(* If two vertices z1, z2 of Z are adjacent, contract the edge z1z2 and drop z2 from Z.
   An induced path containing Z passes through the edge z1z2, so it contracts to an
   induced path containing Z - z2, injectively.  Every cycle of the contracted graph
   lifts to a cycle of G whose vertices map into it (through z1 one re-inserts z1,
   z2 or both), hence anticomplete packings of cycles and hitting sets transfer back.
   Repeating this makes Z stable.  Then isolate each vertex outside Z with three or
   more neighbours in Z: a vertex of an induced path has at most two neighbours on
   it, so it lies on no induced path containing Z, and isolating vertices only
   destroys cycles.  Contracted and isolated vertices are kept, so the vertex set
   never changes. *)

Definition consecutive (i j : nat) : bool := (i.+1 == j) || (j.+1 == i).

Lemma consecutiveC i j : consecutive i j = consecutive j i.
Proof. by rewrite /consecutive orbC. Qed.

Lemma consecutivenn i : consecutive i i = false.
Proof. rewrite /consecutive; lia. Qed.

Lemma consecutive_unbump h k a b : consecutive h k ->
  a != h -> b != h -> a != k -> b != k ->
  consecutive (unbump h a) (unbump h b) = consecutive a b.
Proof. rewrite /consecutive /unbump; case: ltnP; case: ltnP; lia. Qed.

Lemma consecutive_unbump_merge h k b : consecutive h k -> b != h -> b != k ->
  consecutive (unbump h k) (unbump h b) = consecutive k b || consecutive h b.
Proof. rewrite /consecutive /unbump; case: ltnP; case: ltnP; lia. Qed.

Section SeqRem.
Variable T : eqType.

Lemma nth_rem (x0 y : T) t i : nth x0 (rem y t) i = nth x0 t (bump (index y t) i).
Proof.
elim: t i => [|x t IHt] i /=; first by rewrite !nth_nil.
by case: eqP => _; case: i => [|i] //=; rewrite ?IHt ?bumpS.
Qed.

Lemma index_rem (x y : T) t : x != y ->
  index x (rem y t) = unbump (index y t) (index x t).
Proof.
move=> xy; elim: t => [|z t IHt] /=; first by rewrite /unbump ltnn subn0.
have [->|zy] /= := eqVneq z y; first by rewrite eq_sym (negbTE xy) /unbump subn1.
by case: eqP => //= _; rewrite IHt unbumpS.
Qed.

End SeqRem.

Section InducedPaths.
Variable T : finType.
Implicit Types (r : rel T) (Z X : {set T}) (t : seq T).

Lemma ends_inE Z x0 t : ends_in Z t =
  [&& 0 < size t, nth x0 t 0 \in Z & nth x0 t (size t).-1 \in Z].
Proof. by case: t => [|x t] //=; rewrite nth_last. Qed.

Definition induced_path r t : Prop :=
  uniq t /\ {in t &, forall x y, r x y = consecutive (index x t) (index y t)}.

Definition path_through r Z t : Prop :=
  [/\ induced_path r t, ends_in Z t & {subset Z <= t}].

--------------------------------------------------

- **Exercise details**
Report all lines above with "cycles".

- **Response to this task**
   z2 or both), hence anticomplete packings of cycles and hitting sets transfer back.
   destroys cycles.  Contracted and isolated vertices are kept, so the vertex set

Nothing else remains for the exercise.